Regarding the five year look back when a patient has to go on Medicaid, what happens when the person has gifted money to someone and that person has blown through it and has no cash and no assets themselves? If the person cannot afford care, what happens? I am asking because my mother keeps wanting to give money to two of my destitute brothers. I know that if she runs out of money and needs to go into a nursing hoe, they would not be able to pay the money back to Medicaid. Does Medicaid just leave the person at the curb?
Of course, as mad as I am that she is willing to be a financial burden to me just to support do nothing brothers, DH is beyond P.O.'d about this situation and vows that if she gives the boys any money, he is putting her out and she can live with them. It's not fair that we sacrifice to stay within our means and thereby keep a roof over her head and she is willing to toss her money away. But, it is worse to think that she will end up alone, on park bench with her suitcase because she gave money to those who never worked for it and have never appreciated it.
But, that is another story for another day. Thanks for the Medicaid info.
Mom2Mom, what is going to happen is that your mother will become your problem, and if she runs out of money, she will be living with you, thanks to your deadbeat brothers.
NH will probably discharge her and contact the state. NH is not going to provide service for free.
I'm only familiar with my sister's inlaws - they had to take the mom due to her gifting 2 dead beat brothers - but she did have family to take her in. what if they don't?
You might consider getting her to a geriatric psychiatrist. It sounds like she's getting agitated, possibly? There are meds that help with that, and NO, they don't turn people into Zombies! Before she had a stroke, my mom's biggest impairment, the one that made placement in an Independent Living facility imperative, was anxiety and agitation--the endless "what if" that caused every little thing to turn into an emergency. She had been taking an anti anxiety med prescribed by her Internist, but only when she perceived that she was anxious (which is too late). The Geri Psych changed up the meds, got her on a scheduled low dose, which helped her tremendously. she also strongly suggested a cognitive evaluation, which revealed Mild Cognitive Impairment (which was what was driving the anxiety). If nothing else, it demonstrated to my brothers that there WAS something wrong, and that mom's anxieties weren't some mom was "doing to herself" (quote from one of my brothers).
Trying to convince your mother of something is probably useless at this point. you're only going to get her more insistent. You try putting her off by saying "oh, yes, I'll do that tomorrow".
So far, i have just refused to write them checks and have tried to reason with her but she is becoming increasingly obsessed with helping them and, subsequently more demanding.
If she doesn't understand this, it may be time to get control of her checkbook.

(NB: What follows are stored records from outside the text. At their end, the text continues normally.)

(* Let $G$ be an extraspecial or almost extraspecial $2$-group of order $2^n$, $n\geq 3$. Then for every $0\leq k\leq n$, $$s_k(G)\leq s_k(D_8\times C_2^{n-3}).$$
   Context: A finite $2$-group $G$ is extraspecial if $Z(G)=G'=\Phi(G)$ has order $2$, and almost extraspecial if $G'=\Phi(G)$ has order $2$ and $Z(G)\cong C_4$. For a finite $2$-group $G$ of order $2^n$ and $0\le k\le n$, $s_k(G)$ is the number of subgroups of $G$ of order $2^k$. $D_8$ is the dihedral group of order $8$, $C_2^m$ the elementary abelian group of order $2^m$. *)

From mathcomp Require Import all_boot all_fingroup all_algebra all_solvable.
Set Implicit Arguments. Unset Strict Implicit. Unset Printing Implicit Defensive.
Local Open Scope group_scope.

Definition s_k (gT : finGroupType) (G : {set gT}) (k : nat) : nat :=
  #|[set H : {group gT} | (H \subset G) && (#|H| == (2 ^ k)%N)]|.

Definition extraspecial2 (gT : finGroupType) (G : {set gT}) : Prop :=
  [/\ 'Z(G) = G^`(1), G^`(1) = 'Phi(G) & #|'Z(G)| = 2%N].

Definition almost_extraspecial2 (gT : finGroupType) (G : {set gT}) : Prop :=
  [/\ G^`(1) = 'Phi(G), #|G^`(1)| = 2%N, cyclic 'Z(G) & #|'Z(G)| = 4%N].

(* The group D_8 x C_2^m, with C_2^m realized as the additive group of 'rV['Z_2]_m *)
Definition D8xC2 (m : nat) : finGroupType := ('D_8 * 'rV['Z_2]_m)%type.

(* Let z generate G' = Phi(G).  Then z is a central involution and every square
   of G lies in {1, z}.  Subgroups of order 2^k containing z correspond to
   subgroups of the elementary abelian group G/<z>, so their number depends
   only on |G|.  Subgroups avoiding z are elementary abelian; counting pairs
   (x, H) with x an involution of H shows that (2^(k+1) - 1) times their number
   for order 2^(k+1) is the sum, over the involutions x <> 1, z, of the same
   count for C_G(x)/<x> and order 2^k.  Let e(m,k) be that count in C2^m.  When
   G has an element of order 4, induction on |G| bounds the count for G by
   2 e(n-1,k) - e(n-2,k), using two estimates on the set Omega of elements of
   square 1: |Omega(G)| + |Omega(Z(G))| <= |G| (translate Omega(Z(G)) by an
   element of order 4), and 4 |Omega(G)| <= 3 |G| for nonabelian G.  In
   D8 x C2^(n-3) the two elementary abelian maximal subgroups containing z
   already provide that many subgroups avoiding z. *)

From mathcomp Require Import all_boot all_fingroup all_algebra all_solvable.
From mathcomp Require Import mxabelem zify.
Set Implicit Arguments. Unset Strict Implicit. Unset Printing Implicit Defensive.
Local Open Scope group_scope.

Definition s_with (gT : finGroupType) (K : {set gT}) (z : gT) (k : nat) : nat :=
  #|[set H : {group gT} | [&& H \subset K, #|H| == (2 ^ k)%N & z \in H]]|.

Definition s_avoid (gT : finGroupType) (K : {set gT}) (z : gT) (k : nat) : nat :=
  #|[set H : {group gT} | [&& H \subset K, #|H| == (2 ^ k)%N & z \notin H]]|.
Inductive generated (X : Type) (S : (X -> Prop) -> Prop) : (X -> Prop) -> Prop :=
  | gen_sub : forall U, S U -> generated S U
  | gen_full : generated S (fun _ => True)
  | gen_inter : forall U V, generated S U -> generated S V ->
                generated S (fun x => U x /\ V x)
  | gen_union : forall F : (X -> Prop) -> Prop, (forall U, F U -> generated S U) ->
                generated S (fun x => exists U, F U /\ U x)
  | gen_ext : forall U V, generated S U -> (forall x, U x <-> V x) -> generated S V.

Definition compact (X : Type) (opn : (X -> Prop) -> Prop) : Prop :=
  forall F : (X -> Prop) -> Prop, (forall U, F U -> opn U) ->
    (forall x, exists U, F U /\ U x) ->
    exists s : seq (X -> Prop), (forall U, List.In U s -> F U) /\
                                (forall x, exists U, List.In U s /\ U x).

Definition is_partial_order (X : Type) (le : X -> X -> Prop) : Prop :=
  [/\ (forall x, le x x), (forall x y, le x y -> le y x -> x = y) &
      (forall x y z, le x y -> le y z -> le x z)].

Definition clopen (X : Type) (opn : (X -> Prop) -> Prop) (U : X -> Prop) : Prop :=
  opn U /\ opn (fun x => ~ U x).

Definition down_set (X : Type) (le : X -> X -> Prop) (U : X -> Prop) : Prop :=
  forall x y, le y x -> U x -> U y.

Definition priestley_separation (X : Type) (le : X -> X -> Prop)
  (opn : (X -> Prop) -> Prop) : Prop :=
  forall x y, ~ le y x ->
    exists U, clopen opn U /\ down_set le U /\ U x /\ ~ U y.

Record PriestleySpace := {
  ps_car :> Type;
  ps_le : ps_car -> ps_car -> Prop;
  ps_open : (ps_car -> Prop) -> Prop;
  ps_order : is_partial_order ps_le;
  ps_top : is_topology ps_open;
  ps_compact : compact ps_open;
  ps_sep : priestley_separation ps_le ps_open }.

Definition order_homeomorphic (X : Type) (leX : X -> X -> Prop) (opX : (X -> Prop) -> Prop)
  (Z : Type) (leZ : Z -> Z -> Prop) (opZ : (Z -> Prop) -> Prop) : Prop :=
  exists (f : X -> Z) (g : Z -> X),
    [/\ cancel f g, cancel g f,
        (forall x y, leX x y <-> leZ (f x) (f y)),
        (forall U, opZ U -> opX (fun x => U (f x))) &
        (forall U, opX U -> opZ (fun z => U (g z)))].

Definition prime_ideal {d : Order.disp_t} (L : tbDistrLatticeType d) (I : L -> Prop) : Prop :=
  [/\ I \bot,
      (forall a b, a <= b -> I b -> I a),
      (forall a b, I a -> I b -> I (a `|` b)),
      ~ I \top &
      (forall a b, I (a `&` b) -> I a \/ I b)].

Definition XL {d : Order.disp_t} (L : tbDistrLatticeType d) : Type :=
  {I : L -> Prop | prime_ideal I}.

Definition XL_le {d : Order.disp_t} (L : tbDistrLatticeType d) (I J : XL L) : Prop :=
  forall a, proj1_sig I a -> proj1_sig J a.

Definition XL_open {d : Order.disp_t} (L : tbDistrLatticeType d) : (XL L -> Prop) -> Prop :=
  generated (fun U => exists a : L,
     U = (fun I : XL L => ~ proj1_sig I a) \/ U = (fun I : XL L => proj1_sig I a)).

(* 2 = {false < true}, discrete; product order and product topology *)
Definition prod2_le (Y : PriestleySpace) (p q : Y * bool) : Prop :=
  ps_le p.1 q.1 /\ (p.2 ==> q.2).

Definition prod2_open (Y : PriestleySpace) : (Y * bool -> Prop) -> Prop :=
  generated (fun W =>
    (exists U, ps_open U /\ W = (fun p : Y * bool => U p.1)) \/
    (exists V : bool -> Prop, W = (fun p : Y * bool => V p.2))).

(* Then:
   - (1) => (2): an isomorphism f : L ~ Phi(K) induces lattice maps
     K -> L (a |-> f^-1 (a, a)) and L -> K (the two coordinates), whose
     dual maps give the order-homeomorphism X(K) x 2 ~ X(L);
   - (2) => (1): given X(L) ~ Y x 2, the map sending x to the two slices
     of the image of X_x is an isomorphism of L onto Phi(K), K being the
     lattice of clopen down-sets of Y. *)

From HB Require Import structures.
From mathcomp Require Import all_boot all_order.
From mathcomp Require Import boolp classical_sets.
Set Implicit Arguments. Unset Strict Implicit. Unset Printing Implicit Defensive.
Import Order.Theory.
Local Open Scope order_scope.

Local Notation pr := proj1_sig.

Section Topology.
Variables (X : Type) (op : (X -> Prop) -> Prop).
Hypothesis top : is_topology op.

Lemma top_ext (U V : X -> Prop) : op U -> (forall x, U x <-> V x) -> op V.
Proof. by case: top => H _ _ _; apply: H. Qed.

Lemma top_inter (U V : X -> Prop) : op U -> op V -> op (fun x => U x /\ V x).
Proof. by case: top => _ _ H _; apply: H. Qed.

Lemma top_union2 (U V : X -> Prop) : op U -> op V -> op (fun x => U x \/ V x).
Proof.
case: top => _ _ _ Hun oU oV.
apply: top_ext (Hun (fun W => W = U \/ W = V) _) _; first by move=> W [->|->].
move=> x; split=> [[W [[->|->] Wx]]|[Ux|Vx]]; [by left|by right| |].
- by exists U; split; [left|].
- by exists V; split; [right|].
Qed.

Lemma top_const (P : Prop) : op (fun _ => P).
Proof.
case: top => _ Hfull _ Hun; case: (EM P) => [HP|nP].
- by apply: top_ext Hfull _.
- apply: top_ext (Hun (fun _ => False) (fun U (H : False) => match H with end)) _.
  by move=> x; split=> [[U []]|].
Qed.

Lemma top_bool_preimage (c : X -> bool) (V : bool -> Prop) :
  op (fun x => c x) -> op (fun x => ~~ c x) -> op (fun x => V (c x)).
Proof.
move=> oT oF; apply: top_ext (top_union2 (top_inter (top_const (V true)) oT)
                                       (top_inter (top_const (V false)) oF)) _.
by move=> x; case: (c x); split=> [[[]|[]]|] //; [left|right].
Qed.

Lemma clopen_inter (U V : X -> Prop) :
  clopen op U -> clopen op V -> clopen op (fun x => U x /\ V x).
Proof.
move=> [oU cU] [oV cV]; split; first exact: top_inter.
apply: top_ext (top_union2 cU cV) _ => x.
by split=> [[nU|nV] []|/not_andP].
Qed.

Lemma clopen_union (U V : X -> Prop) :
  clopen op U -> clopen op V -> clopen op (fun x => U x \/ V x).
Proof.
move=> [oU cU] [oV cV]; split; first exact: top_union2.
by apply: top_ext (top_inter cU cV) _ => x; split=> [[nU nV] []|/not_orP].
Qed.

Lemma clopen_const (P : Prop) : clopen op (fun _ => P).
Proof. by split; apply: top_const. Qed.

End Topology.

Lemma generated_top (X : Type) (S : (X -> Prop) -> Prop) : is_topology (generated S).
Proof.
split; [exact: gen_ext|exact: gen_full|exact: gen_inter|exact: gen_union].
Qed.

This is so very hard, i know. But you need to protect your mom AND your own sanity and finances.
I can certainly understand your mother wanting to help her sons. I'd probably feel that way, too. It is almost instinctive. But she isn't going to have money to give them indefinitely; they are going to have to fend for themselves eventually, it might as well be now. Otherwise she might be the one needing the homeless shelter!
The other brother has been in and out of homeless shelters due to poor life choices and past drug addiction. Ironically, if he went back on drugs, he would have a better chance of collecting disability.
Anyway, back to your answer... So, she has given X number of dollars away in the past five years. On Jan 1 she goes into a nursing home. On June 1, she runs out of money. Are you saying Medicaid would exclude the next x number of days care in the nursing home based on how much she gave away and then put her back on the government dime?
So, then, what does the NH do? leave her on a bench in the park until Medicaid kicks in?
Perhaps your brothers should seek aid on their own behalf, depending on what is keeping them destitute. Accepting money that Mom is going to need for her own care is not the best option.